Records from a data source
(* Let $I=(N,O,\succsim)$ be a general instance and $p$ a generalized deterministic matching for $I$, with associated deterministic matching $p'$ for the associated instance $I'=(N',O',\succsim')$. Then $p$ has no envy, is individually rational and is non-wasteful if and only if $p'$ is weakly stable.
   Context: General instance: $N=\{1,\dots,n\}$ is a set of agents and $O=\{o_1,\dots,o_m\}$ a set of objects ($m,n\ge1$ arbitrary); $\emptyset$ denotes the null object (being unmatched). Each agent $i$ has a weak order $\succsim_i$ over $O\cup\{\emptyset\}$ and each object $o$ a weak order $\succsim_o$ over $N\cup\{\emptyset\}$, such that for each $(i,o)$ either $o\succ_i\emptyset$ or $\emptyset\succ_i o$, and either $i\succ_o\emptyset$ or $\emptyset\succ_o i$. $o$ is acceptable to $i$ if $o\succ_i\emptyset$, $i$ is acceptable to $o$ if $i\succ_o\emptyset$; $(i,o)$ is an acceptable pair if both hold. A generalized random matching is an $n\times m$ matrix $p$ with $p(i,o)\ge0$, $\sum_{o}p(i,o)\le1$ for each $i$, $\sum_i p(i,o)\le1$ for each $o$; it is deterministic if all entries are in $\{0,1\}$. $p$ has no envy if there exist no $i,j\in N$, $o\in O$ with $o\succ_i\emptyset$, $\sum_{o':o'\succsim_i o}p(i,o')=0$, $p(j,o)=1$ and $i\succ_o j$. $p$ is non-wasteful if there is no acceptable pair $(i,o)$ with $\sum_{o':o'\succsim_i o}p(i,o')<1$ and $\sum_{j\in N}p(j,o)<1$. $p$ is individually rational if $p(i,o)=0$ whenever $o$ is unacceptable to $i$ or $i$ is unacceptable to $o$. Associated instance: $D=\{d_1,\dots,d_m\}$ (dummy agents), $\Phi=\{\phi_1,\dots,\phi_n\}$ (null objects), $N'=N\cup D$, $O'=O\cup\Phi$. Weak orders $\succsim'$ (blocks listed from best to worst, consecutive blocks strictly ordered): for $i\in N$: the objects acceptable to $i$ ordered by $\succsim_i$, then $\phi_i$, then $\phi_k$ ($k\ne i$) in increasing index, then the objects unacceptable to $i$ ordered by $\succsim_i$; for $o_j\in O$: agents acceptable to $o_j$ ordered by $\succsim_{o_j}$, then $d_j$, then $d_k$ ($k\neq j$) in increasing index, then agents unacceptable to $o_j$ ordered by $\succsim_{o_j}$; for $d_j$: $o_j$, then the other objects of $O$ in increasing index, then the null objects with $\phi_k\succsim'_{d_j}\phi_l$ iff $k\succsim_{o_j}l$; for $\phi_i$: $i$, then the other agents of $N$ in increasing index, then the dummy agents with $d_k\succsim'_{\phi_i}d_l$ iff $o_k\succsim_i o_l$. The associated matching $p'$ is the $(n+m)\times(n+m)$ matrix with $p'(i,o_j)=p(i,o_j)$, $p'(d_j,\phi_i)=p(i,o_j)$, $p'(i,\phi_i)=1-\sum_{o\in O}p(i,o)$, $p'(d_j,o_j)=1-\sum_{i\in N}p(i,o_j)$ and all other entries $0$. A deterministic matching $q$ for $I'$ is weakly stable if there are no $a,b\in N'$, $c,c'\in O'$ with $q(a,c')=1$, $q(b,c)=1$, $c\succ'_a c'$ and $a\succ'_c b$. *)

From mathcomp Require Import all_boot all_order all_algebra.
Set Implicit Arguments. Unset Strict Implicit. Unset Printing Implicit Defensive.
Import Order.TTheory GRing.Theory Num.Theory.
Local Open Scope ring_scope.

(* Agents N = 'I_n, objects O = 'I_m, the null object is None. *)

Definition weak_order (T : Type) (r : rel T) := total r /\ transitive r.

Definition sp (T : Type) (r : rel T) : rel T := fun x y => r x y && ~~ r y x.

Section Defs.
Variables (n m : nat).
Variable pa : 'I_n -> rel (option 'I_m).
Variable po : 'I_m -> rel (option 'I_n).

Definition general_instance :=
  [/\ forall i, weak_order (pa i),
      forall o, weak_order (po o),
      forall i o, sp (pa i) (Some o) None \/ sp (pa i) None (Some o)
    & forall i o, sp (po o) (Some i) None \/ sp (po o) None (Some i)].

Definition acc_ag (i : 'I_n) (o : 'I_m) := sp (pa i) (Some o) None.
Definition acc_ob (o : 'I_m) (i : 'I_n) := sp (po o) (Some i) None.
Definition unacc_ag (i : 'I_n) (o : 'I_m) := sp (pa i) None (Some o).
Definition unacc_ob (o : 'I_m) (i : 'I_n) := sp (po o) None (Some i).

Section Matchings.
Variable R : realFieldType.
Variable p : 'M[R]_(n, m).

Definition gen_random_matching :=
  [/\ forall i o, 0 <= p i o,
      forall i, \sum_(o < m) p i o <= 1
    & forall o, \sum_(i < n) p i o <= 1].

Definition deterministic := forall i o, p i o = 0 \/ p i o = 1.

Definition gen_deterministic_matching := gen_random_matching /\ deterministic.

Definition no_envy :=
  ~ exists (i j : 'I_n) (o : 'I_m),
      [/\ sp (pa i) (Some o) None,
          \sum_(o' < m | pa i (Some o') (Some o)) p i o' = 0,
          p j o = 1
        & sp (po o) (Some i) (Some j)].

Definition non_wasteful :=
  ~ exists (i : 'I_n) (o : 'I_m),
      [/\ acc_ag i o, acc_ob o i,
          \sum_(o' < m | pa i (Some o') (Some o)) p i o' < 1
        & \sum_(j < n) p j o < 1].

Definition individually_rational :=
  forall i o, unacc_ag i o \/ unacc_ob o i -> p i o = 0.
End Matchings.

(* Associated instance: N' = N + D  ('I_n + 'I_m, inr j = d_j),
                        O' = O + Phi ('I_m + 'I_n, inr i = phi_i). *)
Definition agentT := ('I_n + 'I_m)%type.
Definition objT := ('I_m + 'I_n)%type.

(* lexicographic "blocks" ordering: smaller block is better, inside a block use w *)
Definition blockrel (T : Type) (bk : T -> nat) (w : rel T) : rel T :=
  fun x y => (bk x < bk y)%N || ((bk x == bk y) && w x y).

Definition bkA (i : 'I_n) (c : objT) : nat :=
  match c with
  | inl o => if acc_ag i o then 0 else 3
  | inr k => if k == i then 1 else 2
  end%N.
Definition wA (i : 'I_n) : rel objT := fun c c' =>
  match c, c' with
  | inl o, inl o' => pa i (Some o) (Some o')
  | inr k, inr l => (k <= l)%N
  | _, _ => true
  end.

Definition bkD (j : 'I_m) (c : objT) : nat :=
  match c with
  | inl o => if o == j then 0 else 1
  | inr _ => 2
  end%N.
Definition wD (j : 'I_m) : rel objT := fun c c' =>
  match c, c' with
  | inl o, inl o' => (o <= o')%N
  | inr k, inr l => po j (Some k) (Some l)
  | _, _ => true
  end.

Definition bkO (j : 'I_m) (a : agentT) : nat :=
  match a with
  | inl i => if acc_ob j i then 0 else 3
  | inr k => if k == j then 1 else 2
  end%N.
Definition wO (j : 'I_m) : rel agentT := fun a a' =>
  match a, a' with
  | inl i, inl i' => po j (Some i) (Some i')
  | inr k, inr l => (k <= l)%N
  | _, _ => true
  end.

Definition bkP (i : 'I_n) (a : agentT) : nat :=
  match a with
  | inl k => if k == i then 0 else 1
  | inr _ => 2
  end%N.
Definition wP (i : 'I_n) : rel agentT := fun a a' =>
  match a, a' with
  | inl k, inl l => (k <= l)%N
  | inr k, inr l => pa i (Some k) (Some l)
  | _, _ => true
  end.

Definition prefN' (a : agentT) : rel objT :=
  match a with
  | inl i => blockrel (bkA i) (wA i)
  | inr j => blockrel (bkD j) (wD j)
  end.

Definition prefO' (c : objT) : rel agentT :=
  match c with
  | inl j => blockrel (bkO j) (wO j)
  | inr i => blockrel (bkP i) (wP i)
  end.

Definition assoc (R : realFieldType) (p : 'M[R]_(n, m)) (a : agentT) (c : objT) : R :=
  match a, c with
  | inl i, inl j => p i j
  | inr j, inr i => p i j
  | inl i, inr k => if k == i then 1 - \sum_(o < m) p i o else 0
  | inr j, inl k => if k == j then 1 - \sum_(i < n) p i j else 0
  end.

Definition weakly_stable (R : realFieldType) (q : agentT -> objT -> R) :=
  ~ exists (a b : agentT) (c c' : objT),
      [/\ q a c' = 1, q b c = 1, sp (prefN' a) c c' & sp (prefO' c) a b].
End Defs.

(* In the associated matching p', an agent left unmatched by p holds its own
   null object phi_i and an unmatched object o_j holds its own dummy d_j.  The
   block structure of the associated preferences ranks acceptable partners above
   one's own dummy/null, which is above the other dummies/nulls, which are above
   the unacceptable partners.  Hence a pair blocking p' is of one of three kinds:
   - an agent i and an object o: then i is matched to nothing it likes as much
     as o, and o holds either an agent it ranks below i (envy) or its dummy
     (waste);
   - an agent and its own null object, or an object and its own dummy: this
     happens exactly when p matches an unacceptable pair;
   - a dummy d_j and a null object phi_k: d_j holds phi_i where p matches i to
     o_j, phi_k holds d_j' where p matches k to o_j', and the two strict
     preferences say that k envies i at o_j.
   Conversely, envy, waste and unacceptable matches yield such blocking pairs. *)

From mathcomp Require Import all_boot all_order all_algebra.
From mathcomp Require Import lra.
Set Implicit Arguments. Unset Strict Implicit. Unset Printing Implicit Defensive.
Import Order.TTheory GRing.Theory Num.Theory.
Local Open Scope ring_scope.

Section StrictPart.
Variables (T : Type) (r : rel T).

Lemma sp_irr x : sp r x x = false.
Proof. by rewrite /sp; case: (r x x). Qed.

Lemma sp_le x y : sp r x y -> r x y.
Proof. by case/andP. Qed.

Lemma sp_asym x y : sp r x y -> sp r y x = false.
Proof. by case/andP => rxy _; rewrite /sp rxy andbF. Qed.

Hypothesis r_wo : weak_order r.

Lemma le_sp_trans x y z : r x y -> sp r y z -> sp r x z.
Proof.
case: r_wo => _ r_tr rxy /andP [ryz nrzy]; apply/andP; split; first exact: r_tr ryz.
by apply: contra nrzy => rzx; exact: r_tr rxy.
Qed.

Lemma nle_sp x y : ~~ r x y -> sp r y x.
Proof.
case: r_wo => r_tot _ nrxy; rewrite /sp nrxy andbT.
by case/orP: (r_tot x y) => //; rewrite (negbTE nrxy).
Qed.

End StrictPart.

Lemma sp_blockrel (T : Type) (bk : T -> nat) (w : rel T) x y :
  sp (blockrel bk w) x y = (bk x < bk y)%N || (bk x == bk y) && sp w x y.
Proof.
by rewrite /sp /blockrel; case: (ltngtP (bk x) (bk y)); rewrite ?andbT ?andbF.
Qed.

Section ZeroOneSums.
Variables (R : numDomainType) (I : finType) (f : I -> R).
Hypothesis f01 : forall x, f x = 0 \/ f x = 1.

Lemma zero_one_ge0 x : 0 <= f x.
Proof. by case: (f01 x) => ->. Qed.

Lemma zero_one_cases : (forall x, f x = 0) \/ exists x, f x = 1.
Proof.
case: (pickP (fun x => f x == 1)) => [x /eqP fx1 | none].
  by right; exists x.
by left => x; case: (f01 x) => // fx1; move: (none x); rewrite fx1 eqxx.
Qed.

Lemma zero_one_support x0 : \sum_x f x <= 1 -> f x0 = 1 -> forall x, x != x0 -> f x = 0.
Proof.
move=> sum_le1 fx01; have rest0 : \sum_(x | x != x0) f x = 0.
  apply/eqP; rewrite eq_le sumr_ge0 ?andbT => [|x _]; last exact: zero_one_ge0.
  by move: sum_le1; rewrite (bigD1 x0) //= fx01 gerDl.
by move=> x; apply: (psumr_eq0P _ rest0) => y _; exact: zero_one_ge0.
Qed.

Lemma zero_one_sum_lt1 (P : pred I) : \sum_(x | P x) f x < 1 -> \sum_(x | P x) f x = 0.
Proof.
move=> lt1; apply: big1 => x Px; case: (f01 x) => // fx1.
have : 1 <= \sum_(y | P y) f y.
  by rewrite (bigD1 x) //= fx1 lerDl sumr_ge0 // => y _; exact: zero_one_ge0.
by move/le_lt_trans/(_ lt1); rewrite ltxx.
Qed.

| WHAT TO PRODUCE |
Could you restate word for word the lines above, from the one that contains "Proof. by case/andP =>" through the one that contains "apply/eqP; rewrite eq_le", and no others?

| OUTPUT |
Proof. by case/andP => rxy _; rewrite /sp rxy andbF. Qed.

Hypothesis r_wo : weak_order r.

Lemma le_sp_trans x y z : r x y -> sp r y z -> sp r x z.
Proof.
case: r_wo => _ r_tr rxy /andP [ryz nrzy]; apply/andP; split; first exact: r_tr ryz.
by apply: contra nrzy => rzx; exact: r_tr rxy.
Qed.

Lemma nle_sp x y : ~~ r x y -> sp r y x.
Proof.
case: r_wo => r_tot _ nrxy; rewrite /sp nrxy andbT.
by case/orP: (r_tot x y) => //; rewrite (negbTE nrxy).
Qed.

End StrictPart.

Lemma sp_blockrel (T : Type) (bk : T -> nat) (w : rel T) x y :
  sp (blockrel bk w) x y = (bk x < bk y)%N || (bk x == bk y) && sp w x y.
Proof.
by rewrite /sp /blockrel; case: (ltngtP (bk x) (bk y)); rewrite ?andbT ?andbF.
Qed.

Section ZeroOneSums.
Variables (R : numDomainType) (I : finType) (f : I -> R).
Hypothesis f01 : forall x, f x = 0 \/ f x = 1.

Lemma zero_one_ge0 x : 0 <= f x.
Proof. by case: (f01 x) => ->. Qed.

Lemma zero_one_cases : (forall x, f x = 0) \/ exists x, f x = 1.
Proof.
case: (pickP (fun x => f x == 1)) => [x /eqP fx1 | none].
  by right; exists x.
by left => x; case: (f01 x) => // fx1; move: (none x); rewrite fx1 eqxx.
Qed.

Lemma zero_one_support x0 : \sum_x f x <= 1 -> f x0 = 1 -> forall x, x != x0 -> f x = 0.
Proof.
move=> sum_le1 fx01; have rest0 : \sum_(x | x != x0) f x = 0.
  apply/eqP; rewrite eq_le sumr_ge0 ?andbT => [|x _]; last exact: zero_one_ge0.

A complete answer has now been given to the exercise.